Saved entries
Lemma res_poly_flat (F : nzRingType) : prime p -> p \in [pchar F] ->
  v 0 = 0 -> s_max p P = 0 -> res_poly p P F = map_poly intr P.
Proof.
move=> p_pr pF v0 s0; rewrite res_poly_m_max0 v0 s0; apply/polyP => k.
rewrite coef_poly coef_map /= mul0r addr0 coefC0 //.
case: ltnP => // k_big; rewrite nth_default ?mulr0z //.
by apply: leq_trans k_big; rewrite /npN leqSpred.
Qed.

End NewtonPolygon.

Lemma exprD_pchar_expn (R : comNzRingType) p k (x y : R) :
  prime p -> p \in [pchar R] ->
  (x + y) ^+ (p ^ k) = x ^+ (p ^ k) + y ^+ (p ^ k).
Proof.
by move=> p_pr pR; apply: exprDn_pchar; rewrite pnatX (pnatE _ p_pr) pR.
Qed.

Lemma intr_eq0_pchar (R : nzRingType) p (a : int) : p \in [pchar R] ->
  (a%:~R == 0 :> R) = (p %| `|a|)%N.
Proof.
move=> pR; rewrite (dvdn_pcharf pR).
by case: a => m //=; rewrite NegzE mulrNz oppr_eq0.
Qed.

Lemma expr_sign_mul_even (R : comNzRingType) n m (z : R) : ~~ odd m ->
  ((-1) ^+ n * z) ^+ m = z ^+ m.
Proof.
by move=> m_even; rewrite exprMn exprAC -signr_odd (negPf m_even) expr1n mul1r.
Qed.

Section FieldFacts.
Variable F : fieldType.

Lemma Xn_add1_neq0 m : (0 < m)%N -> ('X^m + 1 : {poly F}) != 0.
Proof. by move=> m_gt0; rewrite -polyC1 monic_neq0 ?monicXnaddC. Qed.

(* A double root of 'X^m + 1 would also be a root of its derivative. *)
Lemma mup_Xn_add1 m (y : F) : m%:R != 0 :> F -> y ^+ m = -1 ->
  mup y ('X^m + 1) = 1%N.
Proof.
move=> m_neq0 y_root.
have m_gt0 : (0 < m)%N by rewrite lt0n; apply: contraNneq m_neq0 => ->.
have y_neq0 : y != 0.
  apply/eqP => y0; move: y_root; rewrite y0 expr0n gtn_eqF // => /eqP.
  by rewrite eq_sym oppr_eq0 oner_eq0.
have g_neq0 := Xn_add1_neq0 m_gt0.
apply/eqP; rewrite eqn_leq -XsubC_dvd // dvdp_XsubCl rootE !hornerE y_root.
rewrite addNr eqxx andbT mup_leq //; apply/negP => /dvdpP[h g_eq].
have := congr1 (fun r => (deriv r).[y]) g_eq.
rewrite derivD derivXn -polyC1 derivC addr0 derivM deriv_exp !hornerE /= subrr.
rewrite expr1 !mulr0 addr0 hornerMn hornerXn => /eqP.
rewrite mulr0 addr0 -mulr_natr mulf_eq0 (negPf m_neq0) expf_eq0.
by rewrite (negPf y_neq0) andbF.
Qed.

Lemma mupX (y : F) (g : {poly F}) k : g != 0 ->
  mup y (g ^+ k) = (k * mup y g)%N.
Proof.
move=> g_neq0; elim: k => [|k IHk].
  by rewrite expr0 mupNroot // rootC oner_eq0.
by rewrite exprS mupM ?expf_neq0 // IHk mulSn.
Qed.

Lemma prim_expr_half m (z : F) : (0 < m)%N -> (2 * m).-primitive_root z ->
  z ^+ m = -1.
Proof.
move=> m_gt0 z_prim.
have : (z ^+ m) ^+ 2 == 1 by rewrite -exprM mulnC prim_expr_order.
rewrite sqrf_eq1 => /orP[/eqP zm1 | /eqP //].
have := prim_order_dvd z_prim m; rewrite zm1 eqxx => /(dvdn_leq m_gt0).
lia.
Qed.

End FieldFacts.

Section CyclotomicPrimePower.
Variables (p n : nat).
Hypothesis p_pr : prime p.
Local Notation q := (p ^ n.-1)%N.
Local Notation N := (p ^ n.-1 * (p - 1))%N.
Local Notation Phi := (cyclo_pn p n).
Local Notation Phi1 := (cyclo_pn p n \Po ('X + 1%:P)).

Let p_gt0 : (0 < p)%N := prime_gt0 p_pr.
Let q_gt0 : (0 < q)%N. Proof. by rewrite expn_gt0 p_gt0. Qed.
Let N_gt0 : (0 < N)%N. Proof. by rewrite muln_gt0 q_gt0 subn_gt0 prime_gt1. Qed.

Lemma coef_cyclo_pn j : (j < p)%N -> Phi`_(q * j) = 1.
Proof.
move=> j_lt; rewrite coef_sum (bigD1 (Ordinal j_lt)) //= coefXn eqxx.
rewrite big1 ?addr0 // => i i_neq; rewrite coefXn eqn_pmul2l //.
suff /negPf -> : j != i by [].
by apply: contraNneq i_neq => j_eq; apply/eqP/val_inj.
Qed.

Lemma size_cyclo_pn : size Phi = N.+1.
Proof.
apply/eqP; rewrite eqn_leq; apply/andP; split.
  apply: leq_trans (size_sum _ _ _) _; apply/bigmax_leqP => i _.
  by rewrite size_polyXn ltnS leq_mul2l; have := ltn_ord i; lia.
rewrite ltnNge; apply/negP => /leq_sizeP/(_ N (leqnn N))/eqP.
by rewrite coef_cyclo_pn ?oner_eq0 // subn1 prednK.
Qed.

Lemma horner_cyclo_pn1 : Phi.[1] = p%:R.
Proof.
rewrite horner_sum; under eq_bigr do rewrite hornerXn expr1n.
by rewrite sumr_const card_ord.
Qed.

Lemma size_cyclo_shift : size Phi1 = N.+1.
Proof. by rewrite size_comp_poly2 ?size_XaddC // size_cyclo_pn. Qed.

Lemma cyclo_shift_coef0 : Phi1`_0 = p%:R.
Proof. by rewrite -horner_coef0 horner_comp !hornerE horner_cyclo_pn1. Qed.

Lemma cyclo_shift_lead : Phi1`_N = 1.
Proof.
have := @lead_coef_comp _ Phi ('X + 1%:P); rewrite size_XaddC => /(_ isT).
rewrite lead_coefXaddC expr1n mulr1 /lead_coef.
rewrite size_cyclo_shift size_cyclo_pn /=.
by move=> ->; rewrite coef_cyclo_pn // subn1 prednK.
Qed.

(* Mod p, (T + 1)^(q j) = (T^q + 1)^j, and the geometric sum telescopes:
   T^q * Phi(T + 1) = (T^q + 1)^p - 1 = T^(q p). *)
Lemma map_cyclo_shift (F : fieldType) : p \in [pchar F] ->
  map_poly intr Phi1 = 'X^N :> {poly F}.
Proof.
move=> pF; have pFX : p \in [pchar {poly F}] by rewrite pchar_poly.
rewrite map_comp_poly rmorph_sum /= rmorphD /= map_polyX map_polyC /= rmorph1.
rewrite (raddf_sum (comp_poly ('X + 1%:P))) /=.
under eq_bigr do rewrite map_polyXn comp_Xn_poly exprM.
rewrite exprD_pchar_expn // expr1n.
have Xq_neq0 : ('X^q : {poly F}) != 0 by rewrite monic_neq0 ?monicXn.
apply: (mulfI Xq_neq0); rewrite -exprD -mulnS subn1 prednK //.
have telescope := subrX1 ('X^q + 1 : {poly F}) p.
rewrite addrK -{2}(expn1 p) exprD_pchar_expn // expn1 expr1n addrK in telescope.
by rewrite -telescope exprM.
Qed.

* _WHAT THE TASK ASKS_: Find the word "contraNneq" in the entries above. Copy every line that has it.

* _SOLUTION TO THE PROBLEM_:
have m_gt0 : (0 < m)%N by rewrite lt0n; apply: contraNneq m_neq0 => ->.
by apply: contraNneq i_neq => j_eq; apply/eqP/val_inj.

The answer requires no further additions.